● **DATA EXTRACT**:
^^^^^^^^^^^^^^^^

Theorem proposition3p1 (R : realType)
  (U W Y G : completeNormedModType R)
  (ipU : U -> U -> R) (ipG : G -> G -> R)
  (hU : is_inner ipU) (hG : is_inner ipG)
  (hW : reflexive_space W) (hY : reflexive_space Y)
  (gd : G) (alpha : R) (halpha : 0 < alpha)
  (A : Y -> W -> R) (B : U -> W -> R) (C : Y -> G)
  (hA : cont_invertible A) (hB : dual_op B) (hC : bounded_linear C)
  (Bs : W -> U) (hBs : forall u w, ipU u (Bs w) = B u w)
  (Uh : set U) (Yh : set Y) (Wh : set W)
  (hUh : fin_subspace Uh) (hYh : fin_subspace Yh) (hWh : fin_subspace Wh)
  (ub : U) (yb : Y)
  (hcons : forall w, A yb w = B ub w)
  (hmin : forall u y, (forall w, A y w = B u w) ->
            Jalpha C gd alpha ub yb <= Jalpha C gd alpha u y)
  (ubh : U) (ybh : Y) (wbh : W)
  (hubh : Uh ubh) (hybh : Yh ybh) (hwbh : Wh wbh)
  (hconsh : forall wh, Wh wh -> A ybh wh - B ubh wh = 0)
  (hminh : forall u y, Uh u -> Yh y -> (forall wh, Wh wh -> A y wh - B u wh = 0) ->
            Jalpha C gd alpha ubh ybh <= Jalpha C gd alpha u y)
  (hopt1 : forall yh, Yh yh ->
            adj_obs ipG C (C ybh - gd) yh + adj_dual A wbh yh = 0)
  (hopt2 : alpha *: ubh - orth_proj ipU Uh (Bs wbh) = 0)
  (sigma gamma : R)
  (hsg : (sigma = 4 /\ 2 <= gamma) \/
         (4 < sigma /\ 2 * sigma / (sigma + Num.sqrt (sigma ^+ 2 - 4 * sigma)) < gamma)) :
  let rho_w : Y -> R := fun y => adj_obs ipG C (C ybh - gd) y + adj_dual A wbh y in
  let rho_u : U := alpha *: ubh - Bs wbh in
  let rho_y : W -> R := fun w => A ybh w - B ubh w in
  alpha * `|ubh - ub| ^+ 2 + `|C ybh - C yb| ^+ 2
    <= gamma / alpha * `|Bs (adj_dual_inv A rho_w) + rho_u| ^+ 2
       + sigma * `|C (op_inv A rho_y)| ^+ 2
  /\
  Jalpha C gd alpha ubh ybh - Jalpha C gd alpha ub yb
    <= (2 * alpha)^-1 * `|Bs (adj_dual_inv A rho_w) + rho_u| ^+ 2
       + ipG (C ybh - gd) (C (op_inv A rho_y)).
Proof.
move=> rho_w rho_u rho_y.
have [A_op _ _ _] := hA; have [A_dual A_lin _] := A_op; have [B_dual B_lin _] := hB.
set z := op_inv A rho_y; set q := adj_dual_inv A rho_w.
have hz : forall w, A z w = rho_y w.
  exact/(op_invP hA)/(is_dualD (A_dual ybh) (is_dualN (B_dual ubh))).
have hq : forall y, A y q = rho_w y.
  apply: (adj_dual_invP hA hW).
  exact: is_dualD (is_dual_adj_obs _ hG hC) (is_dual_adj_dual wbh A_op).
have feasible w : A (ybh - z - yb) w = B (ubh - ub) w.
  by rewrite !(dual_opB A_op) (dual_opB hB) hz hcons /rho_y; ring.
have Cdir : C (ybh - z - yb) = C ybh - C yb - C z.
  by rewrite !(bounded_linearB hC) addrAC.
have foc := first_order_condition hU hG halpha A_lin B_lin (proj1 hC) hcons hmin feasible.
have rho_w_tested : ipU (ubh - ub) (Bs q + rho_u)
    = alpha * ipU (ubh - ub) ubh + ipG (C ybh - C yb - C z) (C ybh - gd).
  have := hq (ybh - z - yb).
  rewrite /rho_w /adj_obs /adj_dual !feasible -!hBs Cdir /rho_u.
  by rewrite (ipDr hU) (ipBr hU) (ipZr hU); lra.
rewrite Cdir in foc.
have identity := error_identity hU hG foc rho_w_tested.
have [gamma_ge1 sigma_ge1] := admissible_sigma_gamma_ge1 hsg.
split; first exact (error_bound hU hG halpha gamma_ge1 sigma_ge1 identity).
rewrite /Jalpha; exact (cost_gap_le hU hG halpha foc identity).
Qed.
(* Let $\mathcal{F}$ be a set of functions satisfying premise (P) below, and let $F\in\mathcal{F}$. Then for every positive integer $n$, either every closed $\{\neq_2\}\mid\{F\}$-network with exactly $n$ vertices on the $F$-side has value $0$, or every such network has nonzero value.
   Context: $\neq_2$ is the binary function with $\neq_2(x,y)=1$ if $x\neq y$ and $0$ otherwise. $\mathrm{Holant}_{\neq}(\mathcal{F})$ denotes the problem $\#\{\neq_2\}\mid\mathcal{F}$: inputs are finite bipartite multigraphs in which every vertex on one side has degree 2 and carries $\neq_2$ (so these act as edges), and every vertex $v$ on the other side (''$F$-side'') carries a function $F_v\in\mathcal{F}$ of arity $\deg(v)$ with an ordering of its incident edges; the value is $\sum_{\sigma:E\to\{0,1\}}\prod_v(\text{vertex functions})$. A gadget is such a network with dangling edges at $F$-side vertices; its function is obtained by fixing the dangling edges and summing; a function is realizable if it is the function of a gadget. Premise (P): every binary function realizable in $\mathrm{Holant}_{\neq}(\mathcal{F})$ is of the form $\lambda\cdot\neq_2$ for some $\lambda\in\mathbb{C}$, and every arity-4 function realizable in $\mathrm{Holant}_{\neq}(\mathcal{F})$ is of the form $(x_1,\dots,x_4)\mapsto\lambda\,\neq_2(x_{\tau(1)},x_{\tau(2)})\neq_2(x_{\tau(3)},x_{\tau(4)})$ for some $\lambda\in\mathbb{C}$ and some permutation $\tau$ of $\{1,2,3,4\}$. *)

From HB Require Import structures.
From mathcomp Require Import all_boot all_order all_algebra all_fingroup.
Set Implicit Arguments. Unset Strict Implicit. Unset Printing Implicit Defensive.
Import GRing.Theory.
Local Open Scope ring_scope.

Section Holant.
Variable K : comNzRingType.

^^^^^^^^^^^^^^^^

● **TASK TO CARRY OUT**:
Each line of the material is to be copied exactly.

● **EXERCISE RESULT**:
Theorem proposition3p1 (R : realType)
  (U W Y G : completeNormedModType R)
  (ipU : U -> U -> R) (ipG : G -> G -> R)
  (hU : is_inner ipU) (hG : is_inner ipG)
  (hW : reflexive_space W) (hY : reflexive_space Y)
  (gd : G) (alpha : R) (halpha : 0 < alpha)
  (A : Y -> W -> R) (B : U -> W -> R) (C : Y -> G)
  (hA : cont_invertible A) (hB : dual_op B) (hC : bounded_linear C)
  (Bs : W -> U) (hBs : forall u w, ipU u (Bs w) = B u w)
  (Uh : set U) (Yh : set Y) (Wh : set W)
  (hUh : fin_subspace Uh) (hYh : fin_subspace Yh) (hWh : fin_subspace Wh)
  (ub : U) (yb : Y)
  (hcons : forall w, A yb w = B ub w)
  (hmin : forall u y, (forall w, A y w = B u w) ->
            Jalpha C gd alpha ub yb <= Jalpha C gd alpha u y)
  (ubh : U) (ybh : Y) (wbh : W)
  (hubh : Uh ubh) (hybh : Yh ybh) (hwbh : Wh wbh)
  (hconsh : forall wh, Wh wh -> A ybh wh - B ubh wh = 0)
  (hminh : forall u y, Uh u -> Yh y -> (forall wh, Wh wh -> A y wh - B u wh = 0) ->
            Jalpha C gd alpha ubh ybh <= Jalpha C gd alpha u y)
  (hopt1 : forall yh, Yh yh ->
            adj_obs ipG C (C ybh - gd) yh + adj_dual A wbh yh = 0)
  (hopt2 : alpha *: ubh - orth_proj ipU Uh (Bs wbh) = 0)
  (sigma gamma : R)
  (hsg : (sigma = 4 /\ 2 <= gamma) \/
         (4 < sigma /\ 2 * sigma / (sigma + Num.sqrt (sigma ^+ 2 - 4 * sigma)) < gamma)) :
  let rho_w : Y -> R := fun y => adj_obs ipG C (C ybh - gd) y + adj_dual A wbh y in
  let rho_u : U := alpha *: ubh - Bs wbh in
  let rho_y : W -> R := fun w => A ybh w - B ubh w in
  alpha * `|ubh - ub| ^+ 2 + `|C ybh - C yb| ^+ 2
    <= gamma / alpha * `|Bs (adj_dual_inv A rho_w) + rho_u| ^+ 2
       + sigma * `|C (op_inv A rho_y)| ^+ 2
  /\
  Jalpha C gd alpha ubh ybh - Jalpha C gd alpha ub yb
    <= (2 * alpha)^-1 * `|Bs (adj_dual_inv A rho_w) + rho_u| ^+ 2
       + ipG (C ybh - gd) (C (op_inv A rho_y)).
Proof.
move=> rho_w rho_u rho_y.
have [A_op _ _ _] := hA; have [A_dual A_lin _] := A_op; have [B_dual B_lin _] := hB.
set z := op_inv A rho_y; set q := adj_dual_inv A rho_w.
have hz : forall w, A z w = rho_y w.
  exact/(op_invP hA)/(is_dualD (A_dual ybh) (is_dualN (B_dual ubh))).
have hq : forall y, A y q = rho_w y.
  apply: (adj_dual_invP hA hW).
  exact: is_dualD (is_dual_adj_obs _ hG hC) (is_dual_adj_dual wbh A_op).
have feasible w : A (ybh - z - yb) w = B (ubh - ub) w.
  by rewrite !(dual_opB A_op) (dual_opB hB) hz hcons /rho_y; ring.
have Cdir : C (ybh - z - yb) = C ybh - C yb - C z.
  by rewrite !(bounded_linearB hC) addrAC.
have foc := first_order_condition hU hG halpha A_lin B_lin (proj1 hC) hcons hmin feasible.
have rho_w_tested : ipU (ubh - ub) (Bs q + rho_u)
    = alpha * ipU (ubh - ub) ubh + ipG (C ybh - C yb - C z) (C ybh - gd).
  have := hq (ybh - z - yb).
  rewrite /rho_w /adj_obs /adj_dual !feasible -!hBs Cdir /rho_u.
  by rewrite (ipDr hU) (ipBr hU) (ipZr hU); lra.
rewrite Cdir in foc.
have identity := error_identity hU hG foc rho_w_tested.
have [gamma_ge1 sigma_ge1] := admissible_sigma_gamma_ge1 hsg.
split; first exact (error_bound hU hG halpha gamma_ge1 sigma_ge1 identity).
rewrite /Jalpha; exact (cost_gap_le hU hG halpha foc identity).
Qed.
(* Let $\mathcal{F}$ be a set of functions satisfying premise (P) below, and let $F\in\mathcal{F}$. Then for every positive integer $n$, either every closed $\{\neq_2\}\mid\{F\}$-network with exactly $n$ vertices on the $F$-side has value $0$, or every such network has nonzero value.
   Context: $\neq_2$ is the binary function with $\neq_2(x,y)=1$ if $x\neq y$ and $0$ otherwise. $\mathrm{Holant}_{\neq}(\mathcal{F})$ denotes the problem $\#\{\neq_2\}\mid\mathcal{F}$: inputs are finite bipartite multigraphs in which every vertex on one side has degree 2 and carries $\neq_2$ (so these act as edges), and every vertex $v$ on the other side (''$F$-side'') carries a function $F_v\in\mathcal{F}$ of arity $\deg(v)$ with an ordering of its incident edges; the value is $\sum_{\sigma:E\to\{0,1\}}\prod_v(\text{vertex functions})$. A gadget is such a network with dangling edges at $F$-side vertices; its function is obtained by fixing the dangling edges and summing; a function is realizable if it is the function of a gadget. Premise (P): every binary function realizable in $\mathrm{Holant}_{\neq}(\mathcal{F})$ is of the form $\lambda\cdot\neq_2$ for some $\lambda\in\mathbb{C}$, and every arity-4 function realizable in $\mathrm{Holant}_{\neq}(\mathcal{F})$ is of the form $(x_1,\dots,x_4)\mapsto\lambda\,\neq_2(x_{\tau(1)},x_{\tau(2)})\neq_2(x_{\tau(3)},x_{\tau(4)})$ for some $\lambda\in\mathbb{C}$ and some permutation $\tau$ of $\{1,2,3,4\}$. *)

From HB Require Import structures.
From mathcomp Require Import all_boot all_order all_algebra all_fingroup.
Set Implicit Arguments. Unset Strict Implicit. Unset Printing Implicit Defensive.
Import GRing.Theory.
Local Open Scope ring_scope.

Section Holant.
Variable K : comNzRingType.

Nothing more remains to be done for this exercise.